User Scenarios and Testing
Scenario 1 — Invocation with no glossary conflict (golden path)
A project operator runs spec-kitty advise "summarise the WP status". The executor resolves the profile, assembles governance context, and runs the chokepoint against the active glossary terms for the resolved action. No conflicts are found. The InvocationPayload is returned with an empty glossary_observations.all_conflicts tuple. The host renders governance context normally — no inline glossary text appears. No glossary_checked event is written to the JSONL trail (clean invocations produce no trail noise).
Test: Assert that payload.glossary_observations.all_conflicts == () and payload.glossary_observations.high_severity == () and that payload.glossary_observations is present (not None).

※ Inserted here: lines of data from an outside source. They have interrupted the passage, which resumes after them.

Lemma bformC X u v : X^T = X -> bform X u v = bform X v u.
Proof.
move=> sym_X; have tr11 (M : 'M[R]_1) : M 0 0 = M^T 0 0 by rewrite mxE.
by rewrite /bform tr11 !trmx_mul trmxK sym_X mulmxA.
Qed.

Lemma congr_mx_bform X A B k l : (A^T *m X *m B) k l = bform X (col k A) (col l B).
Proof. by rewrite -bform_delta /bform !colE trmx_mul !mulmxA. Qed.

Lemma colv_sum_delta v : v = \sum_b v b 0 *: delta_mx b 0.
Proof.
by rewrite {1}(matrix_sum_delta v); apply: eq_bigr => b _; rewrite big_ord1.
Qed.

End BilinearForm.

Section TraceInnerProduct.
Variables (R : realType) (m : nat).
Implicit Types (A B Y : 'M[R]_m) (u v : 'cV[R]_m).

Lemma tripDl A B Y : trip (A + B) Y = trip A Y + trip B Y.
Proof. by rewrite /trip linearD /= mulmxDl mxtraceD. Qed.

Lemma tripZl k A Y : trip (k *: A) Y = k * trip A Y.
Proof. by rewrite /trip linearZ /= -scalemxAl mxtraceZ. Qed.

Lemma tripBl A B Y : trip (A - B) Y = trip A Y - trip B Y.
Proof. by rewrite tripDl -scaleN1r tripZl mulN1r. Qed.

Lemma tripDr A B Y : trip Y (A + B) = trip Y A + trip Y B.
Proof. by rewrite /trip mulmxDr mxtraceD. Qed.

Lemma tripZr k A Y : trip Y (k *: A) = k * trip Y A.
Proof. by rewrite /trip -scalemxAr mxtraceZ. Qed.

Lemma trip0l Y : trip 0 Y = 0.
Proof. by rewrite /trip linear0 mul0mx mxtrace0. Qed.

Lemma trip_suml Y I (r : seq I) (P : pred I) (F : I -> 'M[R]_m) :
  trip (\sum_(i <- r | P i) F i) Y = \sum_(i <- r | P i) trip (F i) Y.
Proof.
apply: (big_morph (fun A => trip A Y) (fun A B => tripDl A B Y)).
exact: trip0l.
Qed.

Lemma trip_outer u v Y : trip (u *m v^T) Y = bform Y u v.
Proof.
rewrite /trip /bform trmx_mul trmxK -mulmxA mxtrace_mulC mulmxA.
by rewrite mxtrace_mulC trace_mx11 mulmxA.
Qed.

Lemma tripE A B : trip A B = \sum_a \sum_b A a b * B a b.
Proof.
rewrite /trip /mxtrace exchange_big; apply: eq_bigr => b _; rewrite mxE.
by apply: eq_bigr => a _; rewrite !mxE.
Qed.

Lemma trip_self_eq0 Y : trip Y Y = 0 -> Y = 0.
Proof.
have sq_ge0 (x : R) : 0 <= x * x by rewrite -expr2 sqr_ge0.
rewrite tripE => sum0; apply/matrixP => a b; rewrite mxE.
have row_ge0 c : 0 <= \sum_d Y c d * Y c d by apply: sumr_ge0.
have row0 := psumr_eq0P (fun c _ => row_ge0 c) sum0 (i := a) isT.
have entry0 := psumr_eq0P (fun d _ => sq_ge0 (Y a d)) row0 (i := b) isT.
by apply/eqP; rewrite -[_ == 0]orbb -mulf_eq0 entry0.
Qed.

Lemma symmxD A B : symmx A -> symmx B -> symmx (A + B).
Proof. by rewrite /symmx => symA symB; rewrite linearD /= symA symB. Qed.

Lemma symmxB A B : symmx A -> symmx B -> symmx (A - B).
Proof. by rewrite /symmx => symA symB; rewrite linearB /= symA symB. Qed.

Definition symouter u v : 'M[R]_m := u *m v^T + v *m u^T.

Lemma symmx_symouter u v : symmx (symouter u v).
Proof. by rewrite /symmx /symouter linearD /= !trmx_mul !trmxK addrC. Qed.

Lemma trip_symouter u v Y : trip (symouter u v) Y = bform Y u v + bform Y v u.
Proof. by rewrite /symouter tripDl !trip_outer. Qed.

Ltac entrywise := apply/matrixP => i j; rewrite !mxE !big_ord1 !mxE; ring.

Lemma symouter_polar u v :
  symouter u v = (u + v) *m (u + v)^T - u *m u^T - v *m v^T.
Proof. by entrywise. Qed.

Lemma symouter_shift u v w (x y : R) : symouter (u + x *: w) (v + y *: w) =
  symouter u v + y *: symouter u w + x *: symouter v w + (x * y) *: symouter w w.
Proof. by entrywise. Qed.

Lemma symouter_shift_diff u w (x : R) :
  symouter (u + x *: w) (u + x *: w) - symouter w (u + x *: w) =
  symouter u u + (2 * x - 1) *: symouter u w + (x ^+ 2 - x) *: symouter w w.
Proof. by entrywise. Qed.

End TraceInnerProduct.

Section AffineDimension.
Variables (R : realType) (m : nat).

Definition symouter_deltas : seq 'M[R]_m :=
  [seq symouter (delta_mx a 0) (delta_mx b 0) | a <- enum 'I_m, b <- enum 'I_m].

Definition dim_symmx := \dim <<symouter_deltas>>%VS.

Lemma symouter_delta a b :
  symouter (delta_mx a 0) (delta_mx b 0) = delta_mx a b + delta_mx b a :> 'M[R]_m.
Proof. by rewrite /symouter !trmx_delta !mul_delta_mx. Qed.

Lemma symouter_delta_in_span a b :
  symouter (delta_mx a 0) (delta_mx b 0) \in <<symouter_deltas>>%VS.
Proof. by apply: memv_span; apply: allpairs_f; rewrite mem_enum. Qed.

Lemma symmx_in_span (M : 'M[R]_m) : symmx M -> M \in <<symouter_deltas>>%VS.
Proof.
move=> symM.
have -> : M = 2^-1 *: \sum_a \sum_b M a b *: symouter (delta_mx a 0) (delta_mx b 0).
  have -> : \sum_a \sum_b M a b *: symouter (delta_mx a 0) (delta_mx b 0) = M + M^T.
    rewrite [in RHS](matrix_sum_delta M) linear_sum -big_split /=.
    apply: eq_bigr => a _; rewrite linear_sum -big_split /=.
    by apply: eq_bigr => b _; rewrite symouter_delta scalerDr linearZ /= trmx_delta.
  by rewrite symM -mulr2n -scaler_nat scalerA mulVf ?pnatr_eq0 // scale1r.
apply/rpredZ/rpred_sum => a _; apply/rpred_sum => b _.
exact/rpredZ/symouter_delta_in_span.
Qed.

Lemma affdim_spanning_cone (S : 'M[R]_m -> Prop) (s : seq 'M[R]_m) :
  (forall M, S M -> symmx M) -> S 0 -> (forall M, M \in s -> S M) ->
  (forall a b, symouter (delta_mx a 0) (delta_mx b 0) \in <<s>>%VS) ->
  affdim_is S dim_symmx.
Proof.
move=> symS S0 sS spans; exists 0 => //; split.
  exists s; split => //; rewrite (eq_map (@subr0 _)) map_id.
  apply/eqP; rewrite eqn_leq /dim_symmx; apply/andP; split; apply: dimvS.
    by apply/span_subvP => M /sS /symS /symmx_in_span.
  by apply/span_subvP => M /allpairsP [[a b] [_ _ ->]]; apply: spans.
move=> s' s'S; apply: dimvS; apply/span_subvP => M /mapP [N /s'S SN ->].
by rewrite subr0; apply/symmx_in_span/symS.
Qed.

Lemma affdim_symmx : affdim_is (@symmx R m) dim_symmx.
Proof.
apply: (affdim_spanning_cone (s := symouter_deltas)) => //.
- by rewrite /symmx trmx0.
- by move=> M /allpairsP [[a b] [_ _ ->]]; apply: symmx_symouter.
- exact: symouter_delta_in_span.
Qed.

Lemma affdim_orth_lt (S : 'M[R]_m -> Prop) (Y : 'M[R]_m) d d' :
  symmx Y -> Y != 0 -> (forall c, S c -> symmx c) ->
  (forall c, S c -> trip c Y = 0) ->
  affdim_is S d -> affdim_is (@symmx R m) d' -> (d < d')%N.
Proof.
move=> symY Y_neq0 symS orthS [x0 Sx0 [[s [sS <-]] _]] [z0 symz0 [_ dim_le]].
set L := [seq M - x0 | M <- s].
have orthL M : M \in <<L>>%VS -> trip M Y = 0.
  move=> LM; rewrite (coord_span (X := in_tuple L) LM) trip_suml big1 // => i _.
  have /mapP [N /sS SN ->] : L`_i \in L by apply: mem_nth.
  by rewrite tripZl tripBl !orthS // subrr mulr0.
have Y_notin : Y \notin <<L>>%VS.
  by apply: contra Y_neq0 => /orthL /trip_self_eq0 ->.
set s' := [seq M - x0 + z0 | M <- s] ++ [:: Y + z0].
have s'_sym M : M \in s' -> symmx M.
  rewrite mem_cat => /orP [/mapP [N /sS SN ->] | /[1!inE] /eqP ->].
    by apply: symmxD => //; apply: symmxB; apply: symS.
  exact: symmxD.
have := dim_le s' s'_sym.
have -> : [seq M - z0 | M <- s'] = L ++ [:: Y].
  rewrite map_cat /= addrK -map_comp; congr (_ ++ _).
  by apply: eq_map => M /=; rewrite addrK.
apply: leq_trans; rewrite span_cat (ltn_leqif (dimv_leqif_sup (addvSl _ _))).
apply: contra Y_notin => /subvP; apply; apply: (subvP (addvSr _ _)).
exact: memv_span1.
Qed.

End AffineDimension.

Section Psd.
Variables (R : realType) (m : nat).
(* Let $0<l<m<n$ be pairwise coprime square-free integers and let $K=\mathbb{Q}(\sqrt{ml},\sqrt{nl})$. Then \[ \tfrac{1}{48}\, n \le M(\mathcal{O}_K). \]
   Context: For a nonconstant polynomial $f(x)=c\prod_{i=1}^d (x-\alpha_i)\in\mathbb{C}[x]$, the Mahler measure is $M(f)=|c|\prod_{|\alpha_i|\ge 1}|\alpha_i|$. For an algebraic number $\alpha$, $M(\alpha)$ is the Mahler measure of its minimal polynomial over $\mathbb{Z}$ (with content $1$). For a number field $K$ with ring of integers $\mathcal{O}_K$, $M(\mathcal{O}_K)=\min\{M(\alpha):\alpha\in\mathcal{O}_K,\ \mathbb{Q}(\alpha)=K\}$. *)

From mathcomp Require Import all_boot all_order all_algebra all_field.
Set Implicit Arguments. Unset Strict Implicit. Unset Printing Implicit Defensive.
Import Order.TTheory GRing.Theory Num.Theory.
Local Open Scope ring_scope.

Definition squarefree (n : nat) : Prop :=
  forall p : nat, prime p -> ~~ (p * p %| n)%N.

(* Mahler measure of a polynomial over algC:
   M(f) = |c| * prod_{roots a} max(1, |a|)  (roots with multiplicity) *)
Definition mahler (f : {poly algC}) : algC :=
  `|lead_coef f| *
  \prod_(z <- sval (closed_field_poly_normal f)) Num.max 1 `|z|.

(* p is the minimal polynomial of x over Z with content 1:
   an integer polynomial with content 1 (and positive leading coefficient,
   as zcontents carries the sign of the leading coefficient) which is a
   nonzero multiple of the monic minimal polynomial of x over Q. *)
Definition minpolyZ (x : algC) (p : {poly int}) : Prop :=
  zcontents p = 1 /\
  exists c : algC, c != 0 /\ map_poly intr p = c *: minCpoly x.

Scenario 2 — High-severity conflict surfaced inline
A project has a glossary term "lane" (Spec Kitty meaning: parallel execution slot) that conflicts with informal usage. An operator issues spec-kitty do "move the WP to a new lane (channel)". The chokepoint detects SemanticConflict(severity=HIGH, conflict_type=INCONSISTENT) for "lane". The InvocationPayload.glossary_observations.high_severity list contains the conflict. The host (Codex or gstack) reads the bundle and prepends an inline warning before presenting governance context to the LLM.
Test: Assert that payload.glossary_observations.high_severity contains the conflict record, and that the JSONL trail entry also contains it.
Scenario 3 — Low/medium conflict logged only
An operator issues spec-kitty ask planner "what tasks are planned for the current sprint". The word "sprint" has a medium-severity ambiguity conflict (Agile sprint vs. casual use). The chokepoint classifies it as medium. The InvocationPayload.glossary_observations.high_severity is empty; the conflict appears only in the JSONL trail entry for this invocation.
Test: Assert payload.glossary_observations.high_severity == [] and that the trail JSONL for the invocation contains the medium-severity conflict.
Scenario 4 — Chokepoint failure does not block invocation
A bug in the index builder (e.g., corrupt DRG YAML) causes the chokepoint to raise an exception. The executor catches it, attaches GlossaryObservationBundle(error_msg="<description>", high_severity=[], conflicts=[]) to the payload, logs a warning, and returns the payload normally. The invocation completes; the host receives governance context without glossary observations.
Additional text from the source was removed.